▶ What is needed: From the data underneath, reproduce exactly the stretch that begins at the line with "y x = 0, y Q(w)" and ends after the line with "have := br_linear".

▶ Collected data entries:
(* Let $\mathcal P$ be a finite-dimensional complex solvable Poisson $n$-Lie algebra, and suppose that for some $x,m_1,\dots,m_{n-2}\in\mathcal P$ the restriction of the operator $Q_{(x,m_1,\dots,m_{n-2})}:z\mapsto[x,m_1,\dots,m_{n-2},z]$ to $\mathcal P^2$ is an invertible map $\mathcal P^2\to\mathcal P^2$. Then $\mathcal P\cdot\mathcal P=0$.
   Context: A Poisson $n$-Lie algebra is a commutative associative algebra $(\mathcal P,\cdot)$ with an $n$-linear skew-symmetric bracket satisfying the fundamental identity $[x_1,\dots,x_{n-1},[y_1,\dots,y_n]]=\sum_{i=1}^n[y_1,\dots,[x_1,\dots,x_{n-1},y_i],\dots,y_n]$ and the Leibniz rule $[y\cdot z,x_2,\dots,x_n]=y\cdot[z,x_2,\dots,x_n]+z\cdot[y,x_2,\dots,x_n]$. Products/brackets of subspaces are linear spans; $\mathcal P^2=[\mathcal P,\dots,\mathcal P]+\mathcal P\cdot\mathcal P$. $\mathcal P$ is solvable if $\mathcal P^{(s)}=0$ for some $s$, with $\mathcal P^{(1)}=\mathcal P$, $\mathcal P^{(k+1)}=[\mathcal P^{(k)},\mathcal P^{(k)},\mathcal P,\dots,\mathcal P]+\mathcal P^{(k)}\cdot\mathcal P^{(k)}$. *)

From HB Require Import structures.
From mathcomp Require Import all_boot all_order all_algebra all_fingroup.
From mathcomp Require Import reals complex.
Set Implicit Arguments. Unset Strict Implicit. Unset Printing Implicit Defensive.
Import GRing.Theory.
Local Open Scope ring_scope.

(* Complex numbers: C = R[i] for R a realType (R is the real line up to
   isomorphism, so R[i] is the field of complex numbers).
   A finite-dimensional complex vector space is a  V : vectType R[i]. *)

Section PoissonNLie.
Variables (F : fieldType) (V : vectType F) (n : nat).

Definition upd (f : {ffun 'I_n -> V}) (i : nat) (u : V) : {ffun 'I_n -> V} :=
  [ffun j : 'I_n => if nat_of_ord j == i then u else f j].

Definition is_poisson_nlie (mul : V -> V -> V) (br : {ffun 'I_n -> V} -> V) : Prop :=
      (forall (a : F) (x y z : V), mul (a *: x + y) z = a *: mul x z + mul y z) /\
      (forall x y : V, mul x y = mul y x) /\
      (forall x y z : V, mul x (mul y z) = mul (mul x y) z) /\
      (forall (f : {ffun 'I_n -> V}) (i : 'I_n) (a : F) (u v : V),
          br (upd f i (a *: u + v)) = a *: br (upd f i u) + br (upd f i v)) /\
      (forall (f : {ffun 'I_n -> V}) (s : 'S_n),
          br [ffun j => f (s j)] = (-1) ^+ (odd_perm s) *: br f) /\
      (* fundamental identity:
         [x_1,...,x_{n-1},[y_1,...,y_n]]
           = sum_i [y_1,...,[x_1,...,x_{n-1},y_i],...,y_n];
         the x_k are the first n-1 entries of x (its last entry is ignored) *)
      (forall x y : {ffun 'I_n -> V},
          br (upd x n.-1 (br y)) =
          \sum_(i < n) br (upd y i (br (upd x n.-1 (y i))))) /\
      (forall (x : {ffun 'I_n -> V}) (y z : V),
          br (upd x 0 (mul y z)) = mul y (br (upd x 0 z)) + mul z (br (upd x 0 y))).

Definition in_span (S : V -> Prop) (v : V) : Prop :=
  exists s : seq V, (forall w, w \in s -> S w) /\ v \in <<s>>%VS.

Definition square (mul : V -> V -> V) (br : {ffun 'I_n -> V} -> V) : V -> Prop :=
  in_span (fun w => (exists f, w = br f) \/ (exists a b, w = mul a b)).

Definition derived_step (mul : V -> V -> V) (br : {ffun 'I_n -> V} -> V)
    (D : V -> Prop) : V -> Prop :=
  in_span (fun w =>
    (exists f : {ffun 'I_n -> V},
        (forall i : 'I_n, (nat_of_ord i < 2)%N -> D (f i)) /\ w = br f)
    \/ (exists a b, D a /\ D b /\ w = mul a b)).

(* derived_series k = P^(k+1); derived_series 0 = P *)
Fixpoint derived_series (mul : V -> V -> V) (br : {ffun 'I_n -> V} -> V)
    (k : nat) : V -> Prop :=
  match k with
  | 0 => fun _ => True
  | k'.+1 => derived_step mul br (derived_series mul br k')
  end.

Definition solvable_pnl (mul : V -> V -> V) (br : {ffun 'I_n -> V} -> V) : Prop :=
  exists s : nat, forall v, derived_series mul br s v -> v = 0.

End PoissonNLie.

From HB Require Import structures.
From mathcomp Require Import all_boot all_order all_algebra all_fingroup.
From mathcomp Require Import reals complex.
Set Implicit Arguments. Unset Strict Implicit. Unset Printing Implicit Defensive.
Import GRing.Theory.
Local Open Scope ring_scope.

(* Write Q_y w = [y, m_1, ..., m_(n-2), w] and Q = Q_x.  Skew-symmetry makes
   Q a derivation of the product with Q x = 0, and the Leibniz rule in the
   first slot gives Q_(y x) w = y Q(w) + x Q_y(w).  Since Q is injective on
   P^2, which contains every product and bracket, and 2 is invertible, one
   gets successively x x = 0, x Q(w) = 0, hence x P^2 = 0 (Q is onto P^2),
   y x = 0, y Q(w) = 0, and finally a b = 0 because Q(a b) = a Q(b) + b Q(a)
   vanishes. *)

Section PoissonNLieIdentities.
Variables (F : fieldType) (V : vectType F) (n : nat).
Variables (mul : V -> V -> V) (br : {ffun 'I_n.+1 -> V} -> V).
Hypothesis hP : is_poisson_nlie mul br.

Let pmul_linearl : forall c a b z, mul (c *: a + b) z = c *: mul a z + mul b z :=
  hP.1.
Let pmulC : forall a b, mul a b = mul b a := hP.2.1.
Let br_linear : forall f (i : 'I_n.+1) c u v,
    br (upd f i (c *: u + v)) = c *: br (upd f i u) + br (upd f i v) :=
  hP.2.2.2.1.
Let br_perm : forall (f : {ffun 'I_n.+1 -> V}) (s : 'S_n.+1),
    br [ffun j => f (s j)] = (-1) ^+ odd_perm s *: br f :=
  hP.2.2.2.2.1.
Let br_leibniz0 : forall (f : {ffun 'I_n.+1 -> V}) y z,
    br (upd f 0 (mul y z)) = mul y (br (upd f 0 z)) + mul z (br (upd f 0 y)) :=
  hP.2.2.2.2.2.2.

Lemma square0 : square mul br 0.
Proof. by exists [::]; split => //; apply: mem0v. Qed.

Lemma square_mul a b : square mul br (mul a b).
Proof.
exists [:: mul a b]; split; last by apply: memv_span; rewrite mem_head.
by move=> w; rewrite inE => /eqP ->; right; exists a, b.
Qed.

Lemma square_br f : square mul br (br f).
Proof.
exists [:: br f]; split; last by apply: memv_span; rewrite mem_head.
by move=> w; rewrite inE => /eqP ->; left; exists f.
Qed.

Lemma pmul0l z : mul 0 z = 0.
Proof.
have := pmul_linearl 1 0 0 z; rewrite !scale1r addr0 => /(congr1 (fun u => u - mul 0 z)).
by rewrite subrr addrK.
Qed.

Lemma pmulZr c y v : mul y (c *: v) = c *: mul y v.
Proof.
by rewrite pmulC -[c *: v]addr0 pmul_linearl pmul0l addr0 pmulC.
Qed.

Lemma pmulNr y v : mul y (- v) = - mul y v.
Proof. by rewrite -scaleN1r pmulZr scaleN1r. Qed.

Lemma pmul0r y : mul y 0 = 0.
Proof. by rewrite pmulC pmul0l. Qed.

Lemma br_upd0 f (i : 'I_n.+1) : br (upd f i 0) = 0.
Proof.
have := br_linear f i 1 0 0; rewrite !scale1r addr0.
by move=> /(congr1 (fun u => u - br (upd f i 0))); rewrite subrr addrK.
Qed.

Lemma upd_id (f : {ffun 'I_n.+1 -> V}) (i : 'I_n.+1) : upd f i (f i) = f.
Proof. by apply/ffunP => j; rewrite ffunE; case: eqP => [/val_inj ->|]. Qed.

Lemma br_tperm (f : {ffun 'I_n.+1 -> V}) (i j : 'I_n.+1) :
  i != j -> br [ffun k => f (tperm i j k)] = - br f.
Proof. by move=> ij; rewrite br_perm odd_tperm ij expr1 scaleN1r. Qed.

Lemma br_leibniz f (i : 'I_n.+1) y z :
  br (upd f i (mul y z)) = mul y (br (upd f i z)) + mul z (br (upd f i y)).
Proof.
have [-> | i0] := eqVneq i ord0; first exact: br_leibniz0.
have i0n : (i : nat) != 0%N by move: i0; rewrite -val_eqE.
pose g := [ffun k => f (tperm ord0 i k)].
have swap u : br (upd f i u) = - br (upd g 0 u).
  rewrite -(@br_tperm _ ord0 i) 1?eq_sym //; congr br; apply/ffunP => k.
  rewrite !ffunE; case: tpermP => [-> | -> | /eqP k0 /eqP ki]; rewrite ?eqxx //.
    by rewrite eq_sym (negbTE i0n) tpermR.
  have k0n : (k : nat) != 0%N by move: k0; rewrite -val_eqE.
  have kin : (k : nat) != i by move: ki; rewrite -val_eqE.
  by rewrite (negbTE k0n) (negbTE kin) tpermD // eq_sym.
by rewrite !swap br_leibniz0 opprD -!pmulNr.
Qed.

Hypothesis two_neq0 : (2%:R : F) != 0.

Lemma double_eq0 (v : V) : v + v = 0 -> v = 0.
Proof.
by rewrite -mulr2n -scaler_nat => /eqP; rewrite scaler_eq0 (negbTE two_neq0) => /eqP.
Qed.

Lemma br_dup (f : {ffun 'I_n.+1 -> V}) (i j : 'I_n.+1) :
  i != j -> f i = f j -> br f = 0.
Proof.
move=> ij fij; apply: double_eq0; apply/eqP; rewrite addr_eq0; apply/eqP.
rewrite -(@br_tperm f i j ij); congr br; apply/ffunP => k; rewrite ffunE.
by case: tpermP => // ->.
Qed.

End PoissonNLieIdentities.

Section InvertibleInnerDerivation.
Variables (F : fieldType) (V : vectType F) (n : nat).
Variables (mul : V -> V -> V) (br : {ffun 'I_n.+2 -> V} -> V).
Hypothesis hP : is_poisson_nlie mul br.
Hypothesis two_neq0 : (2%:R : F) != 0.
Variable xm : {ffun 'I_n.+2 -> V}.

Let P2 := square mul br.
Let Q z := br (upd xm n.+1 z).
Let Qat y w := br (upd (upd xm n.+1 w) 0 y).
Let x := xm ord0.

Hypothesis Q_inj : forall z1 z2, P2 z1 -> P2 z2 -> Q z1 = Q z2 -> z1 = z2.
Hypothesis Q_onto : forall w, P2 w -> exists z, P2 z /\ Q z = w.

Lemma Q_eq0 z : P2 z -> Q z = 0 -> z = 0.
Proof.
move=> P2z Qz0; apply: Q_inj => //; first exact: square0.
by rewrite Qz0 /Q (br_upd0 hP xm ord_max).
Qed.

Lemma Q_leibniz y z : Q (mul y z) = mul y (Q z) + mul z (Q y).
Proof. exact: (br_leibniz hP _ ord_max). Qed.

Lemma Q_x : Q x = 0.
Proof.
apply: (br_dup hP two_neq0 (i := ord0) (j := ord_max)) => //.
by rewrite !ffunE /= eqxx.
Qed.

Lemma Qat_x w : Qat x w = Q w.
Proof.
have -> : x = upd xm n.+1 w ord0 by rewrite ffunE.
by rewrite /Qat (upd_id (upd xm n.+1 w) ord0).
Qed.

Lemma Qat_mul_x y w : Qat (mul y x) w = mul y (Q w) + mul x (Qat y w).
Proof. by rewrite /Qat (br_leibniz hP _ ord0) -/(Qat x w) Qat_x. Qed.

Lemma mul_xx : mul x x = 0.
Proof.
apply: Q_eq0; first exact: square_mul.
by rewrite Q_leibniz Q_x (pmul0r hP) addr0.
Qed.

Lemma mul_x_Q w : mul x (Q w) = 0.
Proof.
apply: double_eq0 => //; have := Qat_mul_x x w.
by rewrite Qat_x mul_xx /Qat (br_upd0 hP _ ord0) => /esym.
Qed.

Lemma mul_x_square a : P2 a -> mul x a = 0.
Proof. by move=> /Q_onto [z [_ <-]]; apply: mul_x_Q. Qed.

Lemma mul_y_x y : mul y x = 0.
Proof.
apply: Q_eq0; first exact: square_mul.
by rewrite Q_leibniz Q_x (pmul0r hP) add0r mul_x_Q.
Qed.

Lemma mul_y_Q y w : mul y (Q w) = 0.
Proof.
have := Qat_mul_x y w; rewrite mul_y_x mul_x_square ?addr0; last exact: square_br.
by rewrite /Qat (br_upd0 hP _ ord0).
Qed.

Lemma mul_eq0 a b : mul a b = 0.
Proof.
apply: Q_eq0; first exact: square_mul.
by rewrite Q_leibniz !mul_y_Q addr0.
Qed.

End InvertibleInnerDerivation.

Theorem proposition5p17 (R : realType) (V : vectType R[i]) (n : nat)
    (hn : (2 <= n)%N)
    (mul : V -> V -> V) (br : {ffun 'I_n -> V} -> V)
    (hP : is_poisson_nlie mul br)
    (hsolv : solvable_pnl mul br)
    (xm : {ffun 'I_n -> V})
    (hQmaps : forall z, square mul br z -> square mul br (br (upd xm n.-1 z)))
    (hQinj : forall z1 z2, square mul br z1 -> square mul br z2 ->
        br (upd xm n.-1 z1) = br (upd xm n.-1 z2) -> z1 = z2)
    (hQsurj : forall w, square mul br w ->
        exists z, square mul br z /\ br (upd xm n.-1 z) = w) :
  forall a b : V, mul a b = 0.
Proof.
clear hsolv hQmaps.
case: n hn => [|[|k]] // _ in br hP xm hQinj hQsurj *.
have two_neq0 : (2%:R : R[i]) != 0 by rewrite Num.Theory.pnatr_eq0.
exact: (mul_eq0 hP two_neq0 hQinj hQsurj).
Qed.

▶ Output of the exercise:
   y x = 0, y Q(w) = 0, and finally a b = 0 because Q(a b) = a Q(b) + b Q(a)
   vanishes. *)

Section PoissonNLieIdentities.
Variables (F : fieldType) (V : vectType F) (n : nat).
Variables (mul : V -> V -> V) (br : {ffun 'I_n.+1 -> V} -> V).
Hypothesis hP : is_poisson_nlie mul br.

Let pmul_linearl : forall c a b z, mul (c *: a + b) z = c *: mul a z + mul b z :=
  hP.1.
Let pmulC : forall a b, mul a b = mul b a := hP.2.1.
Let br_linear : forall f (i : 'I_n.+1) c u v,
    br (upd f i (c *: u + v)) = c *: br (upd f i u) + br (upd f i v) :=
  hP.2.2.2.1.
Let br_perm : forall (f : {ffun 'I_n.+1 -> V}) (s : 'S_n.+1),
    br [ffun j => f (s j)] = (-1) ^+ odd_perm s *: br f :=
  hP.2.2.2.2.1.
Let br_leibniz0 : forall (f : {ffun 'I_n.+1 -> V}) y z,
    br (upd f 0 (mul y z)) = mul y (br (upd f 0 z)) + mul z (br (upd f 0 y)) :=
  hP.2.2.2.2.2.2.

Lemma square0 : square mul br 0.
Proof. by exists [::]; split => //; apply: mem0v. Qed.

Lemma square_mul a b : square mul br (mul a b).
Proof.
exists [:: mul a b]; split; last by apply: memv_span; rewrite mem_head.
by move=> w; rewrite inE => /eqP ->; right; exists a, b.
Qed.

Lemma square_br f : square mul br (br f).
Proof.
exists [:: br f]; split; last by apply: memv_span; rewrite mem_head.
by move=> w; rewrite inE => /eqP ->; left; exists f.
Qed.

Lemma pmul0l z : mul 0 z = 0.
Proof.
have := pmul_linearl 1 0 0 z; rewrite !scale1r addr0 => /(congr1 (fun u => u - mul 0 z)).
by rewrite subrr addrK.
Qed.

Lemma pmulZr c y v : mul y (c *: v) = c *: mul y v.
Proof.
by rewrite pmulC -[c *: v]addr0 pmul_linearl pmul0l addr0 pmulC.
Qed.

Lemma pmulNr y v : mul y (- v) = - mul y v.
Proof. by rewrite -scaleN1r pmulZr scaleN1r. Qed.

Lemma pmul0r y : mul y 0 = 0.
Proof. by rewrite pmulC pmul0l. Qed.

Lemma br_upd0 f (i : 'I_n.+1) : br (upd f i 0) = 0.
Proof.
have := br_linear f i 1 0 0; rewrite !scale1r addr0.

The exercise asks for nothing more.